Within the entries below, find the portion that opens with the line containing "Let Bu : B \in" and closes with the line containing "Let FK_facet j". Retype that portion exactly and only.

● ● ● ●

Lemma primitive_scale_isZ n (B : 'M[R]_n) (l : 'cV[R]_n) (c : R) :
  B \in unitmx -> primitive B l -> inMdual B (c *: l) -> isZ c.
Proof.
move=> Bu lp clM; have [lM l0 _] := lp.
have [z lz] := inMdual_coords lM; have [w clw] := inMdual_coords clM.
have wcz r : (w r)%:~R = c * (z r)%:~R :> R by rewrite -clw -lz dotZl.
have [r0] := dot_col_neq0 Bu l0; rewrite lz intr_eq0 => zr0.
pose q : rat := (w r0)%:~R / (z r0)%:~R.
have cq : c = ratr q by rewrite fmorph_div !rmorph_int wcz mulfK ?intr_eq0.
have qz r : numq q * z r = w r * denq q.
  apply: (@intr_inj rat); rewrite !rmorphM /= numqE -mulrA (mulrC _ (z r)%:~R) mulrA.
  by congr (_ * _); apply: (fmorph_inj (@ratr R)); rewrite rmorphM /= !rmorph_int -cq wcz.
have d1 : denq q = 1.
  apply: (primitive_dvd_coords lp lz (denq_gt0 q)) => r.
  rewrite -(@Gauss_dvdzr _ (numq q)); last by rewrite coprimezE coprime_sym coprime_num_den.
  by rewrite qz dvdz_mull.
have qE : q = (numq q)%:~R by rewrite numqE d1 mulr1.
by exists (numq q); rewrite cq {1}qE ratr_int.
Qed.

Lemma isFacetNormal_unique n (P : 'cV[R]_n -> Prop) (B : 'M[R]_n) (l l' : 'cV[R]_n) :
  B \in unitmx -> full_dim P -> isFacetNormal B P l -> isFacetNormal B P l' ->
  (forall x, face P l x <-> face P l' x) -> l = l'.
Proof.
case: n P B l l' => [|n] P B l l' Bu fd [lp [p [pl pind]]] [l'p _] ll'.
  by apply/matrixP => -[].
have [lM l0 _] := lp; have [l'M l'0 _] := l'p.
have pl' i : face P l' (p i) by apply/ll'.
have := aff_normal_colinear pind (fun i => face_dot_eq (pl i) (pl ord0))
  (fun i => face_dot_eq (pl' i) (pl' ord0)) l0.
set c := _ / _ => l'E.
have c0 : c != 0 by apply: contraNneq l'0 => c0; rewrite l'E c0 scale0r.
have [a ca] : isZ c by apply: (primitive_scale_isZ Bu lp); rewrite -l'E.
have [b cb] : isZ c^-1.
  by apply: (primitive_scale_isZ Bu l'p); rewrite l'E scalerA mulVf // scale1r.
have : b * a = 1 by apply: (@intr_inj R); rewrite rmorphM /= -ca -cb mulVf.
move=> /intUnitRing.unitzPl /orP[/eqP a1 | /eqP aN1]; first by rewrite l'E ca a1 scale1r.
(* [l' = - l] would make [P] lie in the hyperplane of the facet *)
suff l_eq0 : l = 0 by rewrite l_eq0 eqxx in l0.
apply: (full_dim_orth_eq0 (h := dot l (p ord0)) fd) => y Py.
have [_ lmax] := pl ord0; have [_ l'max] := pl' ord0.
apply/le_anti; rewrite lmax //=.
by have := l'max y Py; rewrite l'E ca aN1 !dotZl !mulN1r lerN2.
Qed.

End FacetNormals.

Section SimpleRootNormals.
Variables (R : realType) (n : nat).
Local Notation V := 'cV[R]_n.
Variables (Rt : seq V) (alpha : 'I_n -> V) (B : 'M[R]_n) (K : {set 'I_n}) (lH : 'I_n -> V).
Hypothesis simple : simple_system Rt alpha.
Hypothesis lH_normal : forall k, k \in K -> isLH B alpha k (lH k).

Lemma lH_lin_indep : lin_indep (fun m : 'I_#|K| => lH (enum_val m)).
Proof.
have [_ alpha_indep _] := simple.
have /fin_all_exists [c cE] : forall m : 'I_#|K|, exists c : R, c < 0 /\ lH (enum_val m) = c *: alpha (enum_val m).
  by move=> m; have [_ [c ?]] := lH_normal (enum_valP m); exists c.
move=> x x0; pose d j := \sum_(m | enum_val m == j) x m * c m.
have d0 : \sum_j d j *: alpha j = 0.
  rewrite -[RHS]x0; under eq_bigr => j _ do rewrite scaler_suml.
  rewrite (exchange_big_dep xpredT) //=; apply: eq_bigr => m _.
  rewrite (big_pred1 (enum_val m)); last by move=> j; rewrite /= eq_sym.
  by rewrite (proj2 (cE m)) scalerA.
move=> m; have := alpha_indep d d0 (enum_val m).
rewrite /d (big_pred1 m); last by move=> m'; rewrite /= (inj_eq enum_val_inj).
by move/eqP; rewrite mulf_eq0 (lt_eqF (proj1 (cE m))) orbF => /eqP.
Qed.

Hypothesis Bu : B \in unitmx.

(* The [lH k] are independent and lie in the dual lattice, so the rational matrix
   [(<col r B, lH k>)_(r, k)] has full column rank and thus a left inverse. *)
Lemma lH_dual_basis (m0 : 'I_#|K|) : exists q : 'I_n -> rat,
  forall m, \sum_r ratr (q r) * dot (col r B) (lH (enum_val m)) = (m == m0)%:R.
Proof.
have /fin_all_exists [f fE] : forall rm : 'I_n * 'I_#|K|,
    exists a : rat, ratr a = dot (col rm.1 B) (lH (enum_val rm.2)).
  move=> rm; have [[lHM _ _] _] := lH_normal (enum_valP rm.2).
  by have [z zE] := (inMdualP B _).1 lHM rm.1; exists z%:~R; rewrite rmorph_int dotC zE.
pose A : 'M[rat]_(n, #|K|) := \matrix_(r, m) f (r, m).
pose L := mx_of_cols (fun m : 'I_#|K| => lH (enum_val m)).
have AE : map_mx ratr A = B^T *m L.
  apply/matrixP => r m; rewrite !mxE fE dotE /=; apply: eq_bigr => j _.
  by rewrite !mxE.
have rankA : \rank A = #|K|.
  rewrite -(mxrank_map (@ratr R)) AE -mxrank_tr trmx_mul mxrankMfree ?trmxK ?row_free_unit //.
  exact/eqP/row_free_tr_mx_of_cols/lH_lin_indep.
have /row_fullP[A' A'A] : row_full A by rewrite -col_leq_rank rankA.
exists (fun r => A' m0 r) => m.
have := congr1 (fun M : 'M[rat]_#|K| => ratr (M m0 m) : R) A'A.
rewrite !mxE rmorph_sum /= rmorph_nat eq_sym => <-; apply: eq_bigr => r _.
by rewrite rmorphM /= mxE fE.
Qed.

End SimpleRootNormals.

Section IdealIJ.
Variables (R : realType) (n : nat).
Local Notation V := 'cV[R]_n.
Variables (Rt : seq V) (B : 'M[R]_n) (Lam : seq V).
Variables (NK : nat) (FK : 'I_NK -> V) (N : nat) (ix : 'I_N -> 'I_NK * 'M[R]_n).
Local Notation IJ := (inIJ Rt B Lam FK ix).

Lemma inIJ_Jgen g : isJgen Rt B Lam FK ix g -> IJ g.
Proof.
move=> gJ; exists 1%N, (fun _ => 1), (fun _ => g); split; first by right.
by rewrite big_ord1 mul1r.
Qed.

Lemma inIJ0 : IJ 0.
Proof. by exists 0%N, (fun _ => 0), (fun _ => 0); split=> [[]//|]; rewrite big_ord0. Qed.

Lemma inIJD p q : IJ p -> IJ q -> IJ (p + q).
Proof.
case=> m1 [a1 [g1 [g1IJ ->]]] [m2 [a2 [g2 [g2IJ ->]]]].
pose a r := match split r with inl r1 => a1 r1 | inr r2 => a2 r2 end.
pose g r := match split r with inl r1 => g1 r1 | inr r2 => g2 r2 end.
exists (m1 + m2)%N, a, g; split; first by move=> r; rewrite /g; case: (split r).
rewrite big_split_ord; congr (_ + _); apply: eq_bigr => r _.
  by rewrite /a /g (unsplitK (inl r : 'I_m1 + 'I_m2)).
by rewrite /a /g (unsplitK (inr r : 'I_m1 + 'I_m2)).
Qed.

Lemma inIJMl c p : IJ p -> IJ (c * p).
Proof.
case=> m [a [g [gIJ ->]]]; exists m, (fun r => c * a r), g; split=> //.
by rewrite mulr_sumr; apply: eq_bigr => r _; rewrite mulrA.
Qed.

Lemma inIJB p q : IJ p -> IJ q -> IJ (p - q).
Proof. by move=> pIJ qIJ; apply: inIJD; rewrite // -mulN1r; apply: inIJMl. Qed.

Lemma inIJZ c p : IJ p -> IJ (c *: p).
Proof. by rewrite -mul_mpolyC; apply: inIJMl. Qed.

Lemma inIJ_sum (I : Type) (r : seq I) (P : pred I) (F : I -> {mpoly rat[N]}) :
  (forall i, P i -> IJ (F i)) -> IJ (\sum_(i <- r | P i) F i).
Proof. by move=> FIJ; elim/big_rec: _ => [|i x Pi xIJ]; [exact: inIJ0 | apply: inIJD; first exact: FIJ]. Qed.

Definition congIJ (x y : {mpoly rat[N]}) := IJ (x - y).

Lemma congIJ_refl x : congIJ x x.
Proof. by rewrite /congIJ subrr; apply: inIJ0. Qed.

Lemma congIJD x1 x2 y1 y2 : congIJ x1 y1 -> congIJ x2 y2 -> congIJ (x1 + x2) (y1 + y2).
Proof. by rewrite /congIJ opprD addrACA; apply: inIJD. Qed.

Lemma congIJZ c x y : congIJ x y -> congIJ (c *: x) (c *: y).
Proof. by rewrite /congIJ -scalerBr; apply: inIJZ. Qed.

Lemma congIJM x1 x2 y1 y2 : congIJ x1 y1 -> congIJ x2 y2 -> congIJ (x1 * x2) (y1 * y2).
Proof.
move=> xy1 xy2; rewrite /congIJ.
have -> : x1 * x2 - y1 * y2 = x1 * (x2 - y2) + y2 * (x1 - y1).
  by rewrite mulrBr [y2 * _]mulrC mulrBl addrA subrK.
by apply: inIJD; apply: inIJMl.
Qed.

Lemma congIJ_prod (I : Type) (r : seq I) (P : pred I) (F1 F2 : I -> {mpoly rat[N]}) :
  (forall i, P i -> congIJ (F1 i) (F2 i)) ->
  congIJ (\prod_(i <- r | P i) F1 i) (\prod_(i <- r | P i) F2 i).
Proof.
move=> F12; apply: (big_ind2 congIJ) => //; first exact: congIJ_refl.
by move=> *; apply: congIJM.
Qed.

Lemma congIJ_exp x y k : congIJ x y -> congIJ (x ^+ k) (y ^+ k).
Proof.
move=> xy; elim: k => [|k IH]; first by rewrite !expr0; apply: congIJ_refl.
by rewrite !exprS; apply: congIJM.
Qed.

Lemma act_comp_mpoly_congIJ (sigma : 'I_N -> 'I_N) (k : nat) (lq : k.-tuple {mpoly rat[N]}) :
  (forall i, congIJ (act sigma (tnth lq i)) (tnth lq i)) ->
  forall p : {mpoly rat[k]}, congIJ (act sigma (comp_mpoly lq p)) (comp_mpoly lq p).
Proof.
move=> lq_cong; elim/mpolyind => [|c m p _ _ IH]; first by rewrite /act !comp_mpoly0; apply: congIJ_refl.
rewrite /act !comp_mpolyD !comp_mpolyZ; apply: congIJD; last exact: IH.
apply: congIJZ; rewrite !comp_mpolyX rmorph_prod /=.
by apply: congIJ_prod => i _; rewrite rmorphXn; apply/congIJ_exp/lq_cong.
Qed.

End IdealIJ.

Section ParabolicSubgroup.
Variables (R : realType) (n : nat).
Local Notation V := 'cV[R]_n.
Variables (alpha : 'I_n -> V) (K : {set 'I_n}).

Lemma inWK_mul (w1 w2 : 'M[R]_n) :
  inWK alpha K w1 -> inWK alpha K w2 -> inWK alpha K (w1 *m w2).
Proof.
case=> s1 [s1K ->] [s2 [s2K ->]]; exists (s1 ++ s2); split; last by rewrite map_cat prod_refl_cat.
by move=> x; rewrite mem_cat => /orP[]; [apply: s1K | apply: s2K].
Qed.

Lemma inWK_tr (w : 'M[R]_n) : inWK alpha K w -> inWK alpha K w^T.
Proof.
case=> s [sK ->]; exists (rev s); split; last by rewrite trmx_prod_refl map_rev.
by move=> x; rewrite mem_rev; apply: sK.
Qed.

Lemma inWK_W (Rt : seq V) (w : 'M[R]_n) :
  (forall i, alpha i \in Rt) -> inWK alpha K w -> inW Rt w.
Proof. by move=> alphaRt [s [_ ->]]; exists (map alpha s); split=> // x /mapP[i _ ->]. Qed.

End ParabolicSubgroup.

Section FacetStabilizer.
Variables (R : realType) (n : nat).
Local Notation V := 'cV[R]_n.
Variables (Rt Lam : seq V) (alpha : 'I_n -> V) (B : 'M[R]_n) (K : {set 'I_n}).
Local Notation P := (inP Rt Lam).
Hypothesis Rt0 : 0 \notin Rt.
Hypothesis latok : lattice_ok Rt B.
Hypothesis Bu : B \in unitmx.
Hypothesis fd : full_dim P.
Hypothesis alphaRt : forall i, alpha i \in Rt.

Lemma img_W (w : 'M[R]_n) (G : V -> Prop) x : inW Rt w -> img w G x <-> G (w^T *m x).
Proof.
move=> wW; split=> [[y [Gy ->]] | GwTx]; first by rewrite (mulWtrK Rt0 wW).
by exists (w^T *m x); rewrite (multrWK Rt0 wW).
Qed.

Lemma isNormalOf_img (w : 'M[R]_n) (l l' : V) : inW Rt w -> isFacetNormal B P l ->
  isNormalOf B P l' (img w (face P l)) -> l' = w *m l.
Proof.
move=> wW lF [l'F l'face]; have wTW := inW_tr wW.
rewrite -(multrWK Rt0 wW l'); congr (_ *m _).
apply: (isFacetNormal_unique Bu fd); first exact: (isFacetNormal_W Rt0 latok).
  exact: lF.
by move=> x; rewrite (face_W _ Rt0 _ _ wTW) trmxK l'face (img_W _ _ wW) (mulWtrK Rt0 wW).
Qed.

Lemma stabF_fixE (l : V) (w : 'M[R]_n) : isFacetNormal B P l -> inWK alpha K w ->
  stabF alpha K P l w <-> w *m l = l.
Proof.
move=> lF wWK; have wW := inWK_W alphaRt wWK.
have faceE x : face P (w *m l) x <-> img w (face P l) x.
  by rewrite (face_W _ Rt0 _ _ wW) (img_W _ _ wW).
split=> [[_ wl] | wl]; last by split=> // x; rewrite -faceE wl.
apply: (isFacetNormal_unique Bu fd (isFacetNormal_W Rt0 latok wW lF) lF) => x.
by rewrite faceE.
Qed.

Lemma same_cosetE (l : V) (s s' : 'M[R]_n) : isFacetNormal B P l ->
  inWK alpha K s -> inWK alpha K s' -> same_coset alpha K P l s s' <-> s *m l = s' *m l.
Proof.
move=> lF sWK s'WK; have sW := inWK_W alphaRt sWK.
rewrite /same_coset (invmx_W Rt0 sW) stabF_fixE //; last exact/inWK_mul/s'WK/inWK_tr.
rewrite -mulmxA; split=> sl; first by rewrite -{1}sl (multrWK Rt0 sW).
by rewrite -sl (mulWtrK Rt0 sW).
Qed.

End FacetStabilizer.

Section WeylInvariance.
Variables (R : realType) (n : nat).
Local Notation V := 'cV[R]_n.
Variables (Rt : seq V) (alpha : 'I_n -> V) (B : 'M[R]_n) (Lam : seq V) (K : {set 'I_n}).
Variables (NK : nat) (FK : 'I_NK -> V) (N : nat) (ix : 'I_N -> 'I_NK * 'M[R]_n).
Local Notation P := (inP Rt Lam).
Local Notation IJ := (inIJ Rt B Lam FK ix).
Local Notation congIJ := (congIJ Rt B Lam FK ix).
Local Notation lsF i := ((ix i).2 *m FK (ix i).1).
Hypothesis hset : setting Rt alpha B Lam.
Hypothesis hFK : FK_enum Rt alpha B Lam K FK.
Hypothesis hpair : pair_enum Rt alpha Lam K FK ix.

Let Rt0 : 0 \notin Rt. Proof. by case: hset => -[]. Qed.
Let latok : lattice_ok Rt B. Proof. by case: hset. Qed.
Let Bu : B \in unitmx. Proof. by case: hset => _ _ []. Qed.
Let fd : full_dim P. Proof. by case: hset => _ _ _ _ []. Qed.
Let alphaRt i : alpha i \in Rt. Proof. by case: hset => _ []. Qed.
Let FK_facet j : isFacetNormal B P (FK j). Proof. by case: hFK => _ /(_ j)[]. Qed.
Let s_WK i : inWK alpha K (ix i).2. Proof. by case: hpair. Qed.
Let s_W i : inW Rt (ix i).2. Proof. exact: inWK_W alphaRt (s_WK i). Qed.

● ● ● ●

▶ _TASK SOLUTION_:
Let Bu : B \in unitmx. Proof. by case: hset => _ _ []. Qed.
Let fd : full_dim P. Proof. by case: hset => _ _ _ _ []. Qed.
Let alphaRt i : alpha i \in Rt. Proof. by case: hset => _ []. Qed.
Let FK_facet j : isFacetNormal B P (FK j). Proof. by case: hFK => _ /(_ j)[]. Qed.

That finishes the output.